AIM OF THE TASK: What is needed here is an exact repetition of the records below, beginning at the line that has "Variables (R : realType) (n : nat)." and stopping after the line that has "Definition psum (p".

DATASET RECORDS:
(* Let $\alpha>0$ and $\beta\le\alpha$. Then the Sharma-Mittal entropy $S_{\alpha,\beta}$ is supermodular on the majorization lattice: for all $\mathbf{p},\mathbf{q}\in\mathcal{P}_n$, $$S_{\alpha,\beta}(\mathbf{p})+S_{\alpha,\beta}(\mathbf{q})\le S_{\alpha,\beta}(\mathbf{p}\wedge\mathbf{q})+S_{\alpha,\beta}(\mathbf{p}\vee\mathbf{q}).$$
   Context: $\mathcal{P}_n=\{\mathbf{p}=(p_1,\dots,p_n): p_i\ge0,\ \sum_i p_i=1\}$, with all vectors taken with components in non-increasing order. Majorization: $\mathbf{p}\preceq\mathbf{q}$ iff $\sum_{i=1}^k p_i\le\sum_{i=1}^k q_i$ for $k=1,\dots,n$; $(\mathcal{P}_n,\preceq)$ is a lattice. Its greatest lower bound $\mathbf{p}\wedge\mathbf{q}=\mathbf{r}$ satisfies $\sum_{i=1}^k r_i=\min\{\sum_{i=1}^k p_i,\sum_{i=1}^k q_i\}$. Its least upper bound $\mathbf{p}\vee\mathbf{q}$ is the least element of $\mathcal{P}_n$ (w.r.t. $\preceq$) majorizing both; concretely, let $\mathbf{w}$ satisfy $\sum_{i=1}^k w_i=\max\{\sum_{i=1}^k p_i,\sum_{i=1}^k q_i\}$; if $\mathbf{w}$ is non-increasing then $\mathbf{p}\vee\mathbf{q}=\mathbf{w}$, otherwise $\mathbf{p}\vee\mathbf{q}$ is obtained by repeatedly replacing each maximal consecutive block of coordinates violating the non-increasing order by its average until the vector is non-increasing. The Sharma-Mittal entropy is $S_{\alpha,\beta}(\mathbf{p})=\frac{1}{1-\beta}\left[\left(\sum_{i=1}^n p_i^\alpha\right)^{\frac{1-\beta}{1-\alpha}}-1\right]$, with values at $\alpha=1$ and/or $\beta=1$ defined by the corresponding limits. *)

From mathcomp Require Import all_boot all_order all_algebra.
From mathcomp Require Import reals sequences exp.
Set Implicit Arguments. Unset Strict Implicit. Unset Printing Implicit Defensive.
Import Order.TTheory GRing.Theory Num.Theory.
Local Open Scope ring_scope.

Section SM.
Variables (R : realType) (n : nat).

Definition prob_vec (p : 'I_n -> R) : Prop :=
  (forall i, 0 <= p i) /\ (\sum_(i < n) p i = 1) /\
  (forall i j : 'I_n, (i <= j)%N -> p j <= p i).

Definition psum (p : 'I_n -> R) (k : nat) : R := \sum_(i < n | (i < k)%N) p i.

...

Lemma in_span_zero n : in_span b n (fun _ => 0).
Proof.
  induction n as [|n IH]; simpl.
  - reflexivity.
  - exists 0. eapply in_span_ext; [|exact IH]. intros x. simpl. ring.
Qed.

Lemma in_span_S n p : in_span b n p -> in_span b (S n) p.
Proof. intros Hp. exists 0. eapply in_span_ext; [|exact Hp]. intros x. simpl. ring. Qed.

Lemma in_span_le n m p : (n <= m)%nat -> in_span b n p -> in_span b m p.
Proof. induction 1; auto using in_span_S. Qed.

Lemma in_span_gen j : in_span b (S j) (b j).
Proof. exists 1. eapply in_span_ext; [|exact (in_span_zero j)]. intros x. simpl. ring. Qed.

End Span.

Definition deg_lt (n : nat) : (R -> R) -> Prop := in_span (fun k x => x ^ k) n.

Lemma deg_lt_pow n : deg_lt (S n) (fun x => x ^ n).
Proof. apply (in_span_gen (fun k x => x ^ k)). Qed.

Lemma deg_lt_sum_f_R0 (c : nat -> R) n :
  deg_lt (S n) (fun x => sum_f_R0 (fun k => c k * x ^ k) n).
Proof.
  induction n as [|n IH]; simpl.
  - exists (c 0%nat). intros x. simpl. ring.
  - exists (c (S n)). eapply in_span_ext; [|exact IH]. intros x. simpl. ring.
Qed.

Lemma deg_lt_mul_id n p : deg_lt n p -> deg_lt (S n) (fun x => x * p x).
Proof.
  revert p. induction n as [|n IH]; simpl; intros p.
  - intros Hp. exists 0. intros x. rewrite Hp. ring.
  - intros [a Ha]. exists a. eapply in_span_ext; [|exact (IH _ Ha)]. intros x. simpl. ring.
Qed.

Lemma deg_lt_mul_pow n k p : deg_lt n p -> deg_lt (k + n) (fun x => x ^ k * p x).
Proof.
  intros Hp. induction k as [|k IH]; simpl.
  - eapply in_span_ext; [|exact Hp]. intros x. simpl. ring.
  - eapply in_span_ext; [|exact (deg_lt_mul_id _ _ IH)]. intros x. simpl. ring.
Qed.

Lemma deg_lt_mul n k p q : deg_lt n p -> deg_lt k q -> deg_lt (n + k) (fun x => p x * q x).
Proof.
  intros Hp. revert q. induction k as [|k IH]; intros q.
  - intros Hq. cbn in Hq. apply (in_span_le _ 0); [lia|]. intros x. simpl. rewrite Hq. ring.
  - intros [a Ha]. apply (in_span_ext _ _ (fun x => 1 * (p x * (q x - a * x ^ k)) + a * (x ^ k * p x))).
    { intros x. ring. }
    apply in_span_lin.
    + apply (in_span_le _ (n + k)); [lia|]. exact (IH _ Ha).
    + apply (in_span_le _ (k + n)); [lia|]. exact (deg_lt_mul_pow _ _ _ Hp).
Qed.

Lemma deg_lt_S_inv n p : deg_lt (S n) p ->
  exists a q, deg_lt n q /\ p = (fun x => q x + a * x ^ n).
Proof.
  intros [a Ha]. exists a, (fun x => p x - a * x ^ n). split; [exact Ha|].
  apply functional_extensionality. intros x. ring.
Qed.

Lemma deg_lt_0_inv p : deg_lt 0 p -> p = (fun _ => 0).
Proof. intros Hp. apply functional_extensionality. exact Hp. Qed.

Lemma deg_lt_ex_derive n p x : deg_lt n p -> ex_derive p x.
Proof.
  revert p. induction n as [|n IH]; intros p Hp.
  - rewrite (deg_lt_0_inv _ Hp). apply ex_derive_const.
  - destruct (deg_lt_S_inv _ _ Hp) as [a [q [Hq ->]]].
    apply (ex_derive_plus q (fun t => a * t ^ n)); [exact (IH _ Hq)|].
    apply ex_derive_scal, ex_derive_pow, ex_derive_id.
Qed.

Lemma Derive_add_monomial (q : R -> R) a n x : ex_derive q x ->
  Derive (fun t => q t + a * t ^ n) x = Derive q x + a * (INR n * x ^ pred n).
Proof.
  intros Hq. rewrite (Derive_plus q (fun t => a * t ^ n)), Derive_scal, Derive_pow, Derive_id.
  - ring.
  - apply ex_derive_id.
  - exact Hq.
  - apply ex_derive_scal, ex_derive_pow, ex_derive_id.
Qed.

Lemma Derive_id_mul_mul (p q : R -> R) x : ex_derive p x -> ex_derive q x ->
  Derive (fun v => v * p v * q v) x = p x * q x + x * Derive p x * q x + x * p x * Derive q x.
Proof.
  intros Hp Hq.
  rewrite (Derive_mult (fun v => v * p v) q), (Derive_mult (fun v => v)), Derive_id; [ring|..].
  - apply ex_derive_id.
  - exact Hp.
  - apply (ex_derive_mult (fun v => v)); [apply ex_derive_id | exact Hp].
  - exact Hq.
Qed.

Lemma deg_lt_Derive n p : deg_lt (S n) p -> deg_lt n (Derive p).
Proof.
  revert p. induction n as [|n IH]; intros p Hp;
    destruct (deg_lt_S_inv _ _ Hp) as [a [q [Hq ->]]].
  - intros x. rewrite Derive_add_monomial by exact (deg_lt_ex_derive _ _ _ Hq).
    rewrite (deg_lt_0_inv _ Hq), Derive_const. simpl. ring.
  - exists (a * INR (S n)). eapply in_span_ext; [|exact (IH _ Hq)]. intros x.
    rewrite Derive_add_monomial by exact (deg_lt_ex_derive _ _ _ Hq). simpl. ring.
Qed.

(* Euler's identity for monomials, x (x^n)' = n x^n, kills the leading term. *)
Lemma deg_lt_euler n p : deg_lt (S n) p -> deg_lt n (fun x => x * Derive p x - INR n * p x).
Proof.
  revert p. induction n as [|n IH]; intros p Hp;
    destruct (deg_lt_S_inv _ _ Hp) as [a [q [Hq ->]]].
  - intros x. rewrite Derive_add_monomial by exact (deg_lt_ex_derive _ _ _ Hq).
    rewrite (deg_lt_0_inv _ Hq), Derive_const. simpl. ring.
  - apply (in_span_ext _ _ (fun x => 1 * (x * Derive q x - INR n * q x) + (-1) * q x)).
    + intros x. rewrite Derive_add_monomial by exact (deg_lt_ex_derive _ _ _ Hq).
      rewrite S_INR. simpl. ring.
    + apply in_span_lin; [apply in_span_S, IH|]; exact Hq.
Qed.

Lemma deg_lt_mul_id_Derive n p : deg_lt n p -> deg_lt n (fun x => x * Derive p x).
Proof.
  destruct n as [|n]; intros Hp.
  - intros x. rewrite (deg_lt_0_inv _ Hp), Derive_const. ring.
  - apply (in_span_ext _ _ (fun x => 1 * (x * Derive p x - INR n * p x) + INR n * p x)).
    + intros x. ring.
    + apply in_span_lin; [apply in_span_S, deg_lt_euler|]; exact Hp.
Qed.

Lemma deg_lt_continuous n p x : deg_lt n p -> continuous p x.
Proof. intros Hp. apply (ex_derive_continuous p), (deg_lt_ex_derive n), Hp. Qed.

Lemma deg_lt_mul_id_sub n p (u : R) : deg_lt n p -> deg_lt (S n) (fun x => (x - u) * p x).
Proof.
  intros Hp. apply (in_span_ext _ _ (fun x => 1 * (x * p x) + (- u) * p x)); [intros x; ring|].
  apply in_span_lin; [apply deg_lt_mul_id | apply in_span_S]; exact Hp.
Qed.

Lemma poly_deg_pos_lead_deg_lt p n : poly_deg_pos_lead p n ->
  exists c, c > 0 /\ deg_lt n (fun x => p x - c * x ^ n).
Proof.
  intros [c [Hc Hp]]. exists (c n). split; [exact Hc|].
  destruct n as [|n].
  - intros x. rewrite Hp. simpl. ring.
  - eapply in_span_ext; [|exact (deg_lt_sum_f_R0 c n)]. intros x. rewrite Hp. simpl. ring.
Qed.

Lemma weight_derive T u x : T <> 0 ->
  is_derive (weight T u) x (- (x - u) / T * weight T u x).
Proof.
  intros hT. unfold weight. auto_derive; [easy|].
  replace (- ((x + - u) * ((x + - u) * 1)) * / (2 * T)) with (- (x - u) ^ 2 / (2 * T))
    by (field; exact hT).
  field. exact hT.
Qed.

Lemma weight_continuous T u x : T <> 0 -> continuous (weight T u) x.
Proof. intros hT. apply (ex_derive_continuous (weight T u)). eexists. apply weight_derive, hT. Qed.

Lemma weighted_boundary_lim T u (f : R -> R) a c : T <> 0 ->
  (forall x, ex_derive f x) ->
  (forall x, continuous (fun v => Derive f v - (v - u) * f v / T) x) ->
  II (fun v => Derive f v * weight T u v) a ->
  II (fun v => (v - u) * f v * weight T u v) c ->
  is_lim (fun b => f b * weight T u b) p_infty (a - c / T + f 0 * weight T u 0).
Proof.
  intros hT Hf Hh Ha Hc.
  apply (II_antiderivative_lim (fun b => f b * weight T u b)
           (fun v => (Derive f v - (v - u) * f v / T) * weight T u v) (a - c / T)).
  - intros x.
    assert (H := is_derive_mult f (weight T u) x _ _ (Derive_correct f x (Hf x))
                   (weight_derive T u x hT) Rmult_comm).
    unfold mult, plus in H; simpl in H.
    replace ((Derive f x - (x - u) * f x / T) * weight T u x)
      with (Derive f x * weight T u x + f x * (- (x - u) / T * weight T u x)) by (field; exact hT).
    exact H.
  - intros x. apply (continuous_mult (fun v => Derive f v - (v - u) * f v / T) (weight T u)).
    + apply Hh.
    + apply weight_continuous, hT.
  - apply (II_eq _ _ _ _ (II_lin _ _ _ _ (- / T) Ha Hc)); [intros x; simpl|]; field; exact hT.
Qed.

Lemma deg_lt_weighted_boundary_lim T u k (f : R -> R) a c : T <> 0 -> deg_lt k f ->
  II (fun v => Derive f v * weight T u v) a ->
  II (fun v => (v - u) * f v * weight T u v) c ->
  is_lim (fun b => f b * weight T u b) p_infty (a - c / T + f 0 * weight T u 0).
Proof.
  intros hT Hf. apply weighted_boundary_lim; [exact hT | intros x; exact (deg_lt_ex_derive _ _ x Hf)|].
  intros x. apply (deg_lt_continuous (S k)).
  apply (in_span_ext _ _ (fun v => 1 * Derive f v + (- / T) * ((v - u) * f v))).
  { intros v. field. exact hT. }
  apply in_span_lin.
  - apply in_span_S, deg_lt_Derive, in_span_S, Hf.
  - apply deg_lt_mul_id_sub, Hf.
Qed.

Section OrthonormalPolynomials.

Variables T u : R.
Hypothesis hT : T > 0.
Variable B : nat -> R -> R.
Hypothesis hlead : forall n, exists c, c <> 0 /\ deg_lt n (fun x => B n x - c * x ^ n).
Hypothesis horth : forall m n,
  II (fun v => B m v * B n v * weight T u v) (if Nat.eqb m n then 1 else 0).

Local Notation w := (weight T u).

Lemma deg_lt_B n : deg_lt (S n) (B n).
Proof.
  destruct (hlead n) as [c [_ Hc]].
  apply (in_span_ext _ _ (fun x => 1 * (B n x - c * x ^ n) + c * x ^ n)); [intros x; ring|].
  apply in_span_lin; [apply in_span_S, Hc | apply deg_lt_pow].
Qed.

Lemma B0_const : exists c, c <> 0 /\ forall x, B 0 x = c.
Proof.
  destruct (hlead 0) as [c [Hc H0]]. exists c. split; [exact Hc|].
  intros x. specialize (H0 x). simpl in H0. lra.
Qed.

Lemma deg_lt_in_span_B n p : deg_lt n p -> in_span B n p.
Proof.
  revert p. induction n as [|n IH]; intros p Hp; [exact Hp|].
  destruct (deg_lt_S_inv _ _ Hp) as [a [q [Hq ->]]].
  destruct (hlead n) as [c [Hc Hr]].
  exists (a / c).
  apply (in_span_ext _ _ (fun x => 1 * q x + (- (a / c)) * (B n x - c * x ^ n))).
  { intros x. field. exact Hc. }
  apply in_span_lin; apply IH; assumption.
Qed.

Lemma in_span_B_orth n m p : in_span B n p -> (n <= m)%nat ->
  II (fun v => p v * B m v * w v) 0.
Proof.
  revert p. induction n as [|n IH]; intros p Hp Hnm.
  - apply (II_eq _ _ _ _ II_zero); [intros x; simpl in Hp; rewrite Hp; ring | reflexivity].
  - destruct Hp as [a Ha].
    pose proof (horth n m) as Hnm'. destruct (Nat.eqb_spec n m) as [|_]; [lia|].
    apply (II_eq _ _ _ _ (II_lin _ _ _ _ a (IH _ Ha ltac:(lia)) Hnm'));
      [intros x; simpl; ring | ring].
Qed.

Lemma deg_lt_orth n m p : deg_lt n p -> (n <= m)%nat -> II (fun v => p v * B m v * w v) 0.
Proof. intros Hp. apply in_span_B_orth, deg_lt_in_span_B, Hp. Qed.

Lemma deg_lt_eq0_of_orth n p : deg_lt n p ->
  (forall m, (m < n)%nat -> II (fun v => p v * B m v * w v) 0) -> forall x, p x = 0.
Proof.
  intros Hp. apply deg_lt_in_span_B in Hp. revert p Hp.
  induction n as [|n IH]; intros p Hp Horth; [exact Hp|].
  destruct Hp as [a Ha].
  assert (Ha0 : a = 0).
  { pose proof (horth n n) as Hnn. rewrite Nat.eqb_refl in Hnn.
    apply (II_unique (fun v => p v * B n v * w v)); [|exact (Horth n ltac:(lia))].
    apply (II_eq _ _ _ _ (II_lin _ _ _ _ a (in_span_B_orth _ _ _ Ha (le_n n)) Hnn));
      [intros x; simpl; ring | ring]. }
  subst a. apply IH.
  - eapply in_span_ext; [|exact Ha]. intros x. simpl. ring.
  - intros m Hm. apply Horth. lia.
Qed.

EXPECTED ANSWER:
Variables (R : realType) (n : nat).

Definition prob_vec (p : 'I_n -> R) : Prop :=
  (forall i, 0 <= p i) /\ (\sum_(i < n) p i = 1) /\
  (forall i j : 'I_n, (i <= j)%N -> p j <= p i).

Definition psum (p : 'I_n -> R) (k : nat) : R := \sum_(i < n | (i < k)%N) p i.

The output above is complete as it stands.